Posted Jan 3, 2010 20:21 UTC (Sun) by butlerm (subscriber, #13312) [Link] (1 responses)

<em>VACUUM or something like it is pretty much required in any MVCC
design</em>

Not quite. Oracle's MVCC, for example, works something like the following
(I believe InnoDB uses much the same scheme):

1. The latest version of any row is stored in the primary data block, along
with some transaction related meta data.
2. The information necessary to recover prior versions of any row is stored
in separate rollback segments
3. Changes to both are written to the redo log
4. When a query is processed, if the version of the row currently stored in
a data block isn't the one needed, a prior version is recovered by
referring to the appropriate rollback segment.
5. When a transaction commits, or soon thereafter, the rollback data for
that transaction is discarded.

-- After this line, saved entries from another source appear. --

Lemma is_RInt_osc_by_parts (h h' : R -> R) (b c lo hi : R) : 0 < lo <= hi -> c <> 0 ->
  (forall u, lo <= u <= hi -> is_derive h u (h' u)) ->
  (forall u, lo <= u <= hi -> continuous h' u) ->
  is_RInt (fun u => h u * osc_kernel b c u) lo hi
    (h hi * osc_prim b c hi - h lo * osc_prim b c lo
     - RInt (fun u => h' u * osc_prim b c u) lo hi).
Proof.
  intros Hlo Hc Hd Hd'.
  assert (Hprod : is_RInt (fun u => h' u * osc_prim b c u + h u * osc_kernel b c u) lo hi
                    (h hi * osc_prim b c hi - h lo * osc_prim b c lo)).
  { apply (is_RInt_derive (fun u => h u * osc_prim b c u)).
    - intros u Hu. rewrite Rmin_left, Rmax_right in Hu by lra.
      apply (is_derive_mult h (osc_prim b c)).
      + apply Hd; lra.
      + apply is_derive_osc_prim; lra.
      + intros; apply Rmult_comm.
    - intros u Hu. rewrite Rmin_left, Rmax_right in Hu by lra.
      apply (continuous_plus (V := R_NormedModule) (fun u => h' u * osc_prim b c u));
        apply (continuous_mult (K := R_AbsRing)).
      + apply Hd'; lra.
      + apply continuous_osc_prim; lra.
      + apply (continuous_of_is_derive _ _ (h' u)), Hd; lra.
      + apply continuous_osc_kernel; lra. }
  assert (Hrem : is_RInt (fun u => h' u * osc_prim b c u) lo hi
                   (RInt (fun u => h' u * osc_prim b c u) lo hi)).
  { apply (RInt_correct (V := R_CompleteNormedModule)), ex_RInt_continuous.
    intros u Hu. rewrite Rmin_left, Rmax_right in Hu by lra.
    apply (continuous_mult (K := R_AbsRing)); [apply Hd'; lra|apply continuous_osc_prim; lra]. }
  eapply is_RInt_ext; [|exact (is_RInt_minus _ _ _ _ _ _ Hprod Hrem)].
  intros u _. unfold minus, plus, opp; simpl. ring.
Qed.

Lemma is_RInt_Rpower (s lo hi : R) : 0 < lo <= hi -> 0 < s ->
  is_RInt (fun u => Rpower u (s - 1)) lo hi ((Rpower hi s - Rpower lo s) / s).
Proof.
  intros Hlo Hs.
  replace ((Rpower hi s - Rpower lo s) / s) with (Rpower hi s / s - Rpower lo s / s)
    by (field; lra).
  apply (is_RInt_derive (fun u => Rpower u s / s)).
  - intros u Hu. rewrite Rmin_left, Rmax_right in Hu by lra.
    rewrite Rpower_sub1 by lra. unfold Rpower. auto_derive; [lra|]. field. lra.
  - intros u Hu. rewrite Rmin_left, Rmax_right in Hu by lra.
    apply (continuous_of_is_derive _ _ (Derive (fun u => Rpower u (s - 1)) u)), Derive_correct.
    unfold Rpower. auto_derive. lra.
Qed.

Lemma Rabs_RInt_deriv_osc_prim_le (h' : R -> R) (b c s D lo hi : R) :
  0 < lo <= hi -> 0 <= b <= 1 -> 1 <= c -> 0 < s ->
  (forall u, lo <= u <= hi -> continuous h' u) ->
  (forall u, lo <= u <= hi -> Rabs (h' u) <= D * Rpower u (s - b - 1)) ->
  Rabs (RInt (fun u => h' u * osc_prim b c u) lo hi) <= 2 * D * Rpower hi s / (c * s).
Proof.
  intros Hlo Hb Hc Hs Hcont Hbound.
  assert (HD : 0 <= D).
  { specialize (Hbound lo ltac:(lra)). pose proof (Rabs_pos (h' lo)).
    pose proof (Rpower_gt_0 lo (s - b - 1)). nra. }
  pose proof (is_RInt_Rpower s lo hi Hlo Hs) as Hpow.
  eapply Rle_trans; [apply abs_RInt_le; [lra|]|].
  { apply (ex_RInt_continuous (V := R_CompleteNormedModule)).
    intros u Hu. rewrite Rmin_left, Rmax_right in Hu by lra.
    apply (continuous_mult (K := R_AbsRing)); [apply Hcont; lra|apply continuous_osc_prim; lra]. }
  apply Rle_trans with (RInt (fun u => 2 * D / c * Rpower u (s - 1)) lo hi).
  - apply RInt_le; [lra| |eexists; apply (is_RInt_scal _ _ _ _ _ Hpow)|].
    + apply (ex_RInt_continuous (V := R_CompleteNormedModule)).
      intros u Hu. rewrite Rmin_left, Rmax_right in Hu by lra.
      apply (continuous_comp _ Rabs); [|apply continuous_Rabs].
      apply (continuous_mult (K := R_AbsRing)); [apply Hcont; lra|apply continuous_osc_prim; lra].
    + intros u Hu. rewrite Rabs_mult.
      pose proof (Rabs_osc_prim_le b c u Hb Hc). pose proof (Hbound u ltac:(lra)).
      replace (2 * D / c * Rpower u (s - 1)) with (D * Rpower u (s - b - 1) * (2 * Rpower u b / c)).
      * apply Rmult_le_compat; auto using Rabs_pos.
      * replace (s - 1) with ((s - b - 1) + b) by ring. rewrite Rpower_plus. field. lra.
  - rewrite (is_RInt_unique _ _ _ _ (is_RInt_scal _ _ _ _ _ Hpow)).
    unfold scal; simpl; unfold mult; simpl.
    pose proof (Rpower_gt_0 lo s).
    apply Rle_div_r with (a := 2 * D / c * ((Rpower hi s - Rpower lo s) / s)); [nra|].
    replace (2 * D / c * ((Rpower hi s - Rpower lo s) / s) * (c * s))
      with (2 * D * (Rpower hi s - Rpower lo s)) by (field; lra).
    nra.
Qed.

Definition osc_dominated (F : R -> R) (M b c lo hi : R) : Prop :=
  ex_RInt F lo hi /\ Rabs (RInt F lo hi) <= M * Rpower hi b / c.

Lemma osc_dominated_le (F : R -> R) (M M' b c lo hi : R) : M <= M' -> 0 < c ->
  osc_dominated F M b c lo hi -> osc_dominated F M' b c lo hi.
Proof.
  intros HM Hc [Hex Hle]. split; [exact Hex|]. eapply Rle_trans; [exact Hle|].
  apply Rmult_le_compat_r; [left; apply Rinv_0_lt_compat; lra|].
  apply Rmult_le_compat_r; [left; apply Rpower_gt_0|exact HM].
Qed.

Lemma osc_dominated_Chasles (F : R -> R) (M1 M2 b c lo mid hi : R) :
  lo <= mid <= hi -> 0 < mid -> 0 <= b -> 0 < c -> 0 <= M1 ->
  osc_dominated F M1 b c lo mid -> osc_dominated F M2 b c mid hi ->
  osc_dominated F (M1 + M2) b c lo hi.
Proof.
  intros Hmid Hmid0 Hb Hc HM1 [Hex1 Hle1] [Hex2 Hle2].
  split; [exact (ex_RInt_Chasles F lo mid hi Hex1 Hex2)|].
  rewrite <- (RInt_Chasles F lo mid hi Hex1 Hex2). unfold plus; simpl.
  assert (Rpower mid b <= Rpower hi b) by (apply Rle_Rpower_l; lra).
  assert (M1 * Rpower mid b / c <= M1 * Rpower hi b / c).
  { apply Rmult_le_compat_r; [left; apply Rinv_0_lt_compat; lra|]. apply Rmult_le_compat_l; lra. }
  eapply Rle_trans; [apply Rabs_triang|].
  replace ((M1 + M2) * Rpower hi b / c) with (M1 * Rpower hi b / c + M2 * Rpower hi b / c)
    by (field; lra).
  lra.
Qed.

Definition dmv_integrand (g : R -> R) (b c a u : R) : R :=
  g (Rpower u (1 / a)) / a * ln u * Rpower u (b - 1) * cos (c * ln u).

Lemma dmv_integrand_eq (g : R -> R) (b c a u : R) : 0 < a ->
  dmv_integrand g b c a u
  = g (Rpower u (1 / a)) * ln (Rpower u (1 / a)) * osc_kernel b c u.
Proof. intros Ha. unfold dmv_integrand, osc_kernel. rewrite ln_Rpower. field. lra. Qed.

Lemma exp_le_compat (x y : R) : x <= y -> exp x <= exp y.
Proof. intros [Hlt|Heq]; [left; apply exp_increasing, Hlt|rewrite Heq; right; reflexivity]. Qed.

Lemma ln_exp_div (a t : R) : 0 < a -> ln (exp (a * t)) / a = t.
Proof. intros Ha. rewrite ln_exp. field. lra. Qed.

No disk I/O required.
6. Alternatively, if a transaction is rolled back, prior versions of
modified rows are recovered from the rollback segment and restored to their
original positions in the primary data blocks.

The main advantage of this scheme is that data blocks generally only get
modified once per transaction, rather than once initially and once some
time later, during the vacuum process. However, redo log overhead is
probably twice as high, and if a transaction is large or long enough, the
rollback entries will physically hit the the disk before they are discarded
as well.

MVCC implementation

Posted Jan 4, 2010 4:12 UTC (Mon) by ringerc (subscriber, #3071) [Link]

Good point.

A redo log does have a large disk I/O cost if you have a high update/delete volume and/or any long-running SERIALIZABLE transactions, but it doesn't require the same sort of work as Pg's in-place storage of superceded rows. On the other hand, it has a HUGE cost to queries - in the form of random disk I/O - if they have to hit the redo log on disk.

I don't know enough to comment on which is "better". I suspect that like most things, it's probably a trade-off where some workloads benefit from one and others from the other.